WHAT TO PRODUCE -
Please give again, word for word, the lines that lie between the start of the listing below and the line with "rewrite ReN (ReM", both included.

RECORDS TO USE -
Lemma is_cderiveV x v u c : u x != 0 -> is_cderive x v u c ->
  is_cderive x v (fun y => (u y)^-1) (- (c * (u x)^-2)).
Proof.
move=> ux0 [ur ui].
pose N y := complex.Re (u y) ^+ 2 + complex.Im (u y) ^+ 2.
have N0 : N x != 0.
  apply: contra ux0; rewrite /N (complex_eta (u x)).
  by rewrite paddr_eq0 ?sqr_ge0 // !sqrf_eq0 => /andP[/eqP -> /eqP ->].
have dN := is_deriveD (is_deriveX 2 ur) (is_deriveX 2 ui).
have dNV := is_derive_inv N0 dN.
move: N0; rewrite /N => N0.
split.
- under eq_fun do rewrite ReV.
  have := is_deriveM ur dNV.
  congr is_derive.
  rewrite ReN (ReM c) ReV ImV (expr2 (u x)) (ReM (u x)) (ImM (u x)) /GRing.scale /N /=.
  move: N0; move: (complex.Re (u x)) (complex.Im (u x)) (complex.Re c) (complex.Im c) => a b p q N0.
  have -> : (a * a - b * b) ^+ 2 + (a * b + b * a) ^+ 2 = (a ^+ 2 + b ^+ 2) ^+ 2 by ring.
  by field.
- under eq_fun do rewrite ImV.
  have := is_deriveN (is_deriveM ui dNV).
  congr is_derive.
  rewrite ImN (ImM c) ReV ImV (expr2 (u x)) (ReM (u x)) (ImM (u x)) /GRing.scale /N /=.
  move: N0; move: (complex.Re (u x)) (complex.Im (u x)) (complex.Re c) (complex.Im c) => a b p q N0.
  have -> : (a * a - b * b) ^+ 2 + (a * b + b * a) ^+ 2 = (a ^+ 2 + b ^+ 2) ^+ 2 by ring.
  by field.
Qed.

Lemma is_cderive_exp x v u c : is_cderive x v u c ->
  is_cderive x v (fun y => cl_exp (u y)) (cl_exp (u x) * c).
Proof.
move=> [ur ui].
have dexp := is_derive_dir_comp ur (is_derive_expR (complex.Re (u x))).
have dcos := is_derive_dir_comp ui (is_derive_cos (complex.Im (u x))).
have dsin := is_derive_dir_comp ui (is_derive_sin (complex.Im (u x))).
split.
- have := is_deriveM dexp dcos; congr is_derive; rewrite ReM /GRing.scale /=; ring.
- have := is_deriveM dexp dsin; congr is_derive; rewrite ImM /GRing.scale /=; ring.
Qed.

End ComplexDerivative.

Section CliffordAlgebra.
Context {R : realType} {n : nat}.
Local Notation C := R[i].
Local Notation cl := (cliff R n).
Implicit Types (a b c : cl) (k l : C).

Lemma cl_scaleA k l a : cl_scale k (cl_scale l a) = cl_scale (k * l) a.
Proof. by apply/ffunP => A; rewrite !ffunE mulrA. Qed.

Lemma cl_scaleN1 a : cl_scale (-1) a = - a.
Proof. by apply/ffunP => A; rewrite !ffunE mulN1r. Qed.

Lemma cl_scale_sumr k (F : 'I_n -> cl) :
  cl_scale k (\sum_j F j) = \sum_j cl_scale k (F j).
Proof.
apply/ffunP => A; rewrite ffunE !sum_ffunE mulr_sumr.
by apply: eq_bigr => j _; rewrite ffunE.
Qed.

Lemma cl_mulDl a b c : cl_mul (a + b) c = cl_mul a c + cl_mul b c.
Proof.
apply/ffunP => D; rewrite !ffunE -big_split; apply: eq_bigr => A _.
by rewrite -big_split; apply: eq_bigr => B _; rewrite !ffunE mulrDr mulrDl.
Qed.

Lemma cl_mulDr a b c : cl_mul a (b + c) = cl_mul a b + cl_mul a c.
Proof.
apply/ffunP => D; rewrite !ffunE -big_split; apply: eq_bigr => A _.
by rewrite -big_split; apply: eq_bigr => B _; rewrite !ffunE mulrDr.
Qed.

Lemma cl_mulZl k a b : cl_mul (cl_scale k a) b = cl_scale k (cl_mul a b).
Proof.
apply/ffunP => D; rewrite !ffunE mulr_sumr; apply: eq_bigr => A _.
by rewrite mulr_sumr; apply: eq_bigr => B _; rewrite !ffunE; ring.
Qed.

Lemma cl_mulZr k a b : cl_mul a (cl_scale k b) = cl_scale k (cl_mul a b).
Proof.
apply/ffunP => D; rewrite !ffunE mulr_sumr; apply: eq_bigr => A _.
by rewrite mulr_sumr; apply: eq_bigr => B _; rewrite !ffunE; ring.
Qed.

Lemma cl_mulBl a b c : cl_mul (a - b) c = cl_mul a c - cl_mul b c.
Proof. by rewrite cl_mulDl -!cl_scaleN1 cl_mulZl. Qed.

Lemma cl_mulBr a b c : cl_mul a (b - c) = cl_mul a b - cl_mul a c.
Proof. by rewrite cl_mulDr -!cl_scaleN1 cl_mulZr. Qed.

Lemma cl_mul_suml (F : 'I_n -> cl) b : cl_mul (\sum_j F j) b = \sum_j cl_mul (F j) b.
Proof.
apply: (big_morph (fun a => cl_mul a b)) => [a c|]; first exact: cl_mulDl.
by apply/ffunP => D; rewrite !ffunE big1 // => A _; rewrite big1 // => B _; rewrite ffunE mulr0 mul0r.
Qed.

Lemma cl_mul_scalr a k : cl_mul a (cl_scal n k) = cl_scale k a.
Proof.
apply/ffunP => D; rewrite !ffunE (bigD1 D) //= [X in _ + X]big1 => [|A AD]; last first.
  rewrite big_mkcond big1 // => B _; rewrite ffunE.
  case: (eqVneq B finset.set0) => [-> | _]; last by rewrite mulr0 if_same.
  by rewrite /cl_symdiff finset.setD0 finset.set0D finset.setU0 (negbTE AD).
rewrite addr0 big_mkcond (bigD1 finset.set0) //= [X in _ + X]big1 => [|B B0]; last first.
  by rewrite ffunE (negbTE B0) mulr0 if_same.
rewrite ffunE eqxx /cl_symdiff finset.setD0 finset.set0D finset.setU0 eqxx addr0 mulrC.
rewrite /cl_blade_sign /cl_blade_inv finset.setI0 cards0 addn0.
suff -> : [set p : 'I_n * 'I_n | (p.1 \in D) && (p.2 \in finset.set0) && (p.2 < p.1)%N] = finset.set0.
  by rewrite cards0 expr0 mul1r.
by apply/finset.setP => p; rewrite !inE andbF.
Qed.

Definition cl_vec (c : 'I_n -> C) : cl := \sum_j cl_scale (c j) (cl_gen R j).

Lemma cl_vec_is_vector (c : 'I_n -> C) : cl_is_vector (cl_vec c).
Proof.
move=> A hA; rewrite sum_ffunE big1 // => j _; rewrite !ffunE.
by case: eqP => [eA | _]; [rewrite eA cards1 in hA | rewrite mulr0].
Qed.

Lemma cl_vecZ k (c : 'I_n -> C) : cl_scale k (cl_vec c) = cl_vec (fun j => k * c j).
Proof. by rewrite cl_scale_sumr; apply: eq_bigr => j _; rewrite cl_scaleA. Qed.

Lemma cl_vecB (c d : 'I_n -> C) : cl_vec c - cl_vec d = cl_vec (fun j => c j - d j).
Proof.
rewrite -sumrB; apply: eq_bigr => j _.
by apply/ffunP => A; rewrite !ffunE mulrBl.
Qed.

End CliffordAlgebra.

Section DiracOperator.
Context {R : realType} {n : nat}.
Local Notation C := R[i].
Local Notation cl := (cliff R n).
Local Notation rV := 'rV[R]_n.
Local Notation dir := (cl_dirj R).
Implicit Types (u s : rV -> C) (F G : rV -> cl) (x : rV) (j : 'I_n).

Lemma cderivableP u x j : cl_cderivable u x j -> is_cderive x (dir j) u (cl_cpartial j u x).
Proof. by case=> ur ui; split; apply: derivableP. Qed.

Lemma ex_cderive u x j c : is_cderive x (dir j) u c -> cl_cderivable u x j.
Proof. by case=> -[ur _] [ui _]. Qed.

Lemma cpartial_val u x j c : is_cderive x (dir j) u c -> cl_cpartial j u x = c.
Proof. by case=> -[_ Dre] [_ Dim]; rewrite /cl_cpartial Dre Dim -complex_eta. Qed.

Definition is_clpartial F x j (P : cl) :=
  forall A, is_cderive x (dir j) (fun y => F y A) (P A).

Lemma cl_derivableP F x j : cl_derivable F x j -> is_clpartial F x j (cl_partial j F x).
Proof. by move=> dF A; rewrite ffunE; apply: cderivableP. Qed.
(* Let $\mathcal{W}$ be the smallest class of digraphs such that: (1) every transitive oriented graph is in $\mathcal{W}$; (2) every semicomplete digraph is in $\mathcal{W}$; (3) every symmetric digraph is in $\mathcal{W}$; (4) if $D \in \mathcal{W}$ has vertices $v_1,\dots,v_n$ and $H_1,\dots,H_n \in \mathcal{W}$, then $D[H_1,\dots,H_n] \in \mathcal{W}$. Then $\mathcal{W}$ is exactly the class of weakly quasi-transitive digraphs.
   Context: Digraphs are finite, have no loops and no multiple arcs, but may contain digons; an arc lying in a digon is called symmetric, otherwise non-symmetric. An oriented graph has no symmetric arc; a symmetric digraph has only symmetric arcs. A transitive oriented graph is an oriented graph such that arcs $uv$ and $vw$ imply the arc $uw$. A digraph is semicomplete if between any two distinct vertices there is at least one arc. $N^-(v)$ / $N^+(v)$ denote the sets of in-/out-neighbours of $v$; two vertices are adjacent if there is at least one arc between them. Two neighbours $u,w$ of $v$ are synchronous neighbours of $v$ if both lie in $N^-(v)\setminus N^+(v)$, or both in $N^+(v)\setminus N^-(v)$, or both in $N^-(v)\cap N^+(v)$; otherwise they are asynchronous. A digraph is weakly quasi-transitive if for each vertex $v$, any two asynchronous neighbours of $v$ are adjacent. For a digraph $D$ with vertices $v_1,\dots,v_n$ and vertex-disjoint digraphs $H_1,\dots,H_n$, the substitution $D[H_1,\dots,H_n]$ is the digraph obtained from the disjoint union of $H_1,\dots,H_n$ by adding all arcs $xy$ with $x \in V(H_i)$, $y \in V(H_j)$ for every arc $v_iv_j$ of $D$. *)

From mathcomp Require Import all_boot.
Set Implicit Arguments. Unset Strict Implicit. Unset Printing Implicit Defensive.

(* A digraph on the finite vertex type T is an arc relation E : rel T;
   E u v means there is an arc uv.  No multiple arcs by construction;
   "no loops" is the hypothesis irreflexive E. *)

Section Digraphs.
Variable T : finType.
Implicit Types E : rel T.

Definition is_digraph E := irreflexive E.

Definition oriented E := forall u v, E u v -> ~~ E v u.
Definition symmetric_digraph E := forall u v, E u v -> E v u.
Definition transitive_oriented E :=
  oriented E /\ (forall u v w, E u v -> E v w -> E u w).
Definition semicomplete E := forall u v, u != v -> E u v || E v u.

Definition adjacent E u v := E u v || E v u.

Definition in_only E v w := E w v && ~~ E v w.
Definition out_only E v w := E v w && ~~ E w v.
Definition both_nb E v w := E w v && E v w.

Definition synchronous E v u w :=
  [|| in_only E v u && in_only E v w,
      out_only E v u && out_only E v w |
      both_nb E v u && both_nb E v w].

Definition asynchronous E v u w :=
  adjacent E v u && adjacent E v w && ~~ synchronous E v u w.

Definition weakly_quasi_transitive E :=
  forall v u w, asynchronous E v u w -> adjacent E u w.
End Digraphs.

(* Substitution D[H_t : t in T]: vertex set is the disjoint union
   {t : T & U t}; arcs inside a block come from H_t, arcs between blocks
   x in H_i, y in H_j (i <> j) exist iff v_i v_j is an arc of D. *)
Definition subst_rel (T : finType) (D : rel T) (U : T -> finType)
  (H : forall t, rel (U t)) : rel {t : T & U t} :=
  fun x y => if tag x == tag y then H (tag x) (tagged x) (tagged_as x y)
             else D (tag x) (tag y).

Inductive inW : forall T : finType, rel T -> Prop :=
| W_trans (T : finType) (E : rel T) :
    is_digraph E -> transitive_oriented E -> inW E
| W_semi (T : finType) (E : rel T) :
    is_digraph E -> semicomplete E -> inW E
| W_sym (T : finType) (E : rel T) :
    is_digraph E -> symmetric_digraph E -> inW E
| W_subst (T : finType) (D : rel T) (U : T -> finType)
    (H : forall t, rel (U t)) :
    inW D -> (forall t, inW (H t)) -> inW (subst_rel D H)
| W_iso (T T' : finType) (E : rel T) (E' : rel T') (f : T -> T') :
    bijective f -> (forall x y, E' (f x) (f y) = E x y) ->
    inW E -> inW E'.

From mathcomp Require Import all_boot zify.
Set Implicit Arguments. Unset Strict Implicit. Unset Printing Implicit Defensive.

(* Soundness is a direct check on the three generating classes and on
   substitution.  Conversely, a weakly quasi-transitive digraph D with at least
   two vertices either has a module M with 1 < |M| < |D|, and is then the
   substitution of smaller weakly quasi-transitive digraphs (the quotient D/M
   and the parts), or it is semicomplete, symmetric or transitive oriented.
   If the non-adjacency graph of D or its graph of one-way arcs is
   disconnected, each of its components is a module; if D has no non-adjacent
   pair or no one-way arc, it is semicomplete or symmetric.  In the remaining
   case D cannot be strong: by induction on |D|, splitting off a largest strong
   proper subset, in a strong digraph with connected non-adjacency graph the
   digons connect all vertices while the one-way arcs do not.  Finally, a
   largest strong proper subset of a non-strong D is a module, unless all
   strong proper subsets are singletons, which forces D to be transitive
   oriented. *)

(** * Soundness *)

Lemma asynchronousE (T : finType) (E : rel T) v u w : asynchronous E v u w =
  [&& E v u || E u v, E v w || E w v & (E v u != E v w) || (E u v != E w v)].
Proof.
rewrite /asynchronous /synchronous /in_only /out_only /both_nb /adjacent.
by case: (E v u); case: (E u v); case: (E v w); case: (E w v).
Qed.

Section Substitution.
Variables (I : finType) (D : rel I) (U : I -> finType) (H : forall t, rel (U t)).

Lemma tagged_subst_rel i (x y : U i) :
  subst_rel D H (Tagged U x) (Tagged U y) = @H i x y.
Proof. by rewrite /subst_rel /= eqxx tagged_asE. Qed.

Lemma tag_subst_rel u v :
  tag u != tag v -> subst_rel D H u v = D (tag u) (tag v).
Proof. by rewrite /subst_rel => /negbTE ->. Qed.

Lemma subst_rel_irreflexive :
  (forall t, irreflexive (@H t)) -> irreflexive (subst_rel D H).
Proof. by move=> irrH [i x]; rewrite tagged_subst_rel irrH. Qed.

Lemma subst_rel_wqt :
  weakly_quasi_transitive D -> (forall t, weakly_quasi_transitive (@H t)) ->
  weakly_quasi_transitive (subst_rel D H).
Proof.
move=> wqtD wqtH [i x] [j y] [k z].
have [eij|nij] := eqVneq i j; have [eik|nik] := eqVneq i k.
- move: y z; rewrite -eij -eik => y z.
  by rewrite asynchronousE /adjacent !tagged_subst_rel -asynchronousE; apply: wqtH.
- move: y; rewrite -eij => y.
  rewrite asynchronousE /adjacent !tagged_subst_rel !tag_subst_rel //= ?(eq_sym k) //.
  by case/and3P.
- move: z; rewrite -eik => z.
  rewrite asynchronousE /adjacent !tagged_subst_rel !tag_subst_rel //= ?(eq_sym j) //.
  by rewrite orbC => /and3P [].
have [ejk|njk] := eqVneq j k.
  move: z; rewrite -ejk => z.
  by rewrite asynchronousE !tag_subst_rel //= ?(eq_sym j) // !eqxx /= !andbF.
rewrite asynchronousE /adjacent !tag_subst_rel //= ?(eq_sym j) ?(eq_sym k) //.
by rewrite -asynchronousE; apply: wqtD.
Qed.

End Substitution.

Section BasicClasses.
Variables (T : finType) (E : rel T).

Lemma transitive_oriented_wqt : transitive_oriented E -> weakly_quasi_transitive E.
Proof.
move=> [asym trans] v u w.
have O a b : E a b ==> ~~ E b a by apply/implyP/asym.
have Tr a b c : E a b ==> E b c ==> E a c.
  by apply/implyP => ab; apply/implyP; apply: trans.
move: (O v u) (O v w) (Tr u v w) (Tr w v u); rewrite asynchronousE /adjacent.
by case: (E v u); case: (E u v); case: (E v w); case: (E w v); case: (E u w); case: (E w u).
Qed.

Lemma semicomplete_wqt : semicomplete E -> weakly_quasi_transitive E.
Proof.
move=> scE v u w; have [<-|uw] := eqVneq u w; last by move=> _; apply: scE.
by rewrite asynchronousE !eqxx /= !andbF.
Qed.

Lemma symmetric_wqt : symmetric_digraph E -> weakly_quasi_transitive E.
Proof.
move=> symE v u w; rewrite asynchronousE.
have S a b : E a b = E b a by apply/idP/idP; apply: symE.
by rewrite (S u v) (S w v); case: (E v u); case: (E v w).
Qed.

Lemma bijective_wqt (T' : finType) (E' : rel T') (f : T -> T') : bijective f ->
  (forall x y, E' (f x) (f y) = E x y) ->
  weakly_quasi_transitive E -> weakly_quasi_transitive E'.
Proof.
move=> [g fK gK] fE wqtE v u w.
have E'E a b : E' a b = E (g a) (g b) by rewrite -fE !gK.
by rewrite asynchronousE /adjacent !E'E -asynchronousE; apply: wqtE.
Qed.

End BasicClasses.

SOLUTION -
Lemma is_cderiveV x v u c : u x != 0 -> is_cderive x v u c ->
  is_cderive x v (fun y => (u y)^-1) (- (c * (u x)^-2)).
Proof.
move=> ux0 [ur ui].
pose N y := complex.Re (u y) ^+ 2 + complex.Im (u y) ^+ 2.
have N0 : N x != 0.
  apply: contra ux0; rewrite /N (complex_eta (u x)).
  by rewrite paddr_eq0 ?sqr_ge0 // !sqrf_eq0 => /andP[/eqP -> /eqP ->].
have dN := is_deriveD (is_deriveX 2 ur) (is_deriveX 2 ui).
have dNV := is_derive_inv N0 dN.
move: N0; rewrite /N => N0.
split.
- under eq_fun do rewrite ReV.
  have := is_deriveM ur dNV.
  congr is_derive.
  rewrite ReN (ReM c) ReV ImV (expr2 (u x)) (ReM (u x)) (ImM (u x)) /GRing.scale /N /=.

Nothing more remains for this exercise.